Going it alone in limbo

It is widely assumed that unless President Alberto Fernández’s government reaches an agreement with the International Monetary Fund very soon, Argentina will sink far deeper into the mire. We could be about to learn if the many who think this way have it right or if they are merely scare-mongering.

It is widely assumed that unless President Alberto Fernández’s government reaches an agreement with the International Monetary Fund very soon, Argentina will sink far deeper into the mire in which she has been trapped for so many decades, with millions more of her inhabitants falling below the poverty line and increasing numbers of businessmen and talented youngsters moving abroad because they are convinced it would be worse than useless for them to stay here. We could be about to learn if the many who think this way have it right or if they are merely scare-mongering.

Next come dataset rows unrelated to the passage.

Lemma prime_nfilter_union n :
  distributive_msl (S := S) -> (0 < n)%N -> prime_nfilter n F ->
  union_of_filters n F.
Proof.
move=> S_dist n_gt0 F_prime.
have sep_le m a : separated m a -> (m <= n)%N.
  move=> [Fa a_sep]; rewrite leqNgt; apply/negP => nm.
  apply: (not_separated_succ S_dist n_gt0 F_prime (a := a)); split=> [i|i j] ?.
    by apply: Fa; apply: leq_trans nm.
  by move=> ?; apply: a_sep => //; apply: leq_trans nm.
have [[x0 Fx0]|noF] := pselect (exists x, F x); last first.
  exists 0%N, (fun _ _ => False); split=> //; split=> [[]//|x].
  by split=> [Fx|[[]]//]; case: noF; exists x.
have [m [[a a_sep] a_max]] :
    exists m, (exists a, separated m a) /\ forall m', (exists a, separated m' a) -> (m' <= m)%N.
  apply: (ex_max_nat (b := n)); last by move=> m' [a' /sep_le].
  by exists 1%N, (fun=> x0); split=> [i _|[] [] //].
have a_max' : maximal_separated m a by split=> // m' a' sep'; apply: a_max; exists a'.
exists m, (fun i x => F (x `&` a i)); split; first exact: sep_le a_sep.
split=> [i|x]; first exact: maximal_separated_filter a_max' (ltn_ord i).
split=> [/(maximal_separated_cover a_max')[i [im Fxa]]|[i Fxa]].
  by exists (Ordinal im).
by apply: F_upset Fxa; apply: leIl.
Qed.

End Separated.

Theorem mainTheorem6 (d : Order.disp_t) (S : meetSemilatticeType d) (n : nat)
  (F : S -> Prop) :
  distributive_msl (S := S) -> 1 <= n -> upset F ->
  (prime_nfilter n F <->
     prime_upset F /\
     exists (m : nat) (G : 'I_m -> S -> Prop),
       m <= n /\ (forall i, msl_filter (G i)) /\
       (forall x, F x <-> exists i, G i x)) /\
  (prime_nfilter n F <->
     prime_upset F /\
     exists h : S -> {set 'I_n},
       msl_hom h /\ (forall x, F x <-> h x != set0)).
Proof.
move=> S_dist n_gt0 F_upset.
have prime_union : prime_nfilter n F <-> prime_upset F /\ union_of_filters n F.
  split=> [F_prime|[F_prime /union_of_filters_nfilter]]; last by split.
  by split; [exact: F_prime.2 | exact: prime_nfilter_union].
split; first exact: prime_union.
rewrite prime_union; split=> [] [F_prime F_union]; split=> //.
- exact: union_of_filters_hom.
- exact: hom_union_of_filters.
Qed.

The signs are ominous. When a couple of days ago Economy Minister Martín Guzmán admitted that negotiations with the IMF were going badly because the Kirchnerite brand of economics is not properly appreciated in other parts of the world, the money markets reacted in their usual fashion by selling off anything connected with Argentina and sending the country risk index even higher that it already was.

Perhaps few genuinely fear that the country is about to become a slightly less tropical version of Venezuela, which under a regime many Kirchnerites admire has been reduced to a wretched wasteland ravaged by famine and swarming with thugs who have driven more people into exile than have the Syrian regime and its equally brutal enemies, but it cannot be denied that the prospects facing Argentina do look decidedly bleak.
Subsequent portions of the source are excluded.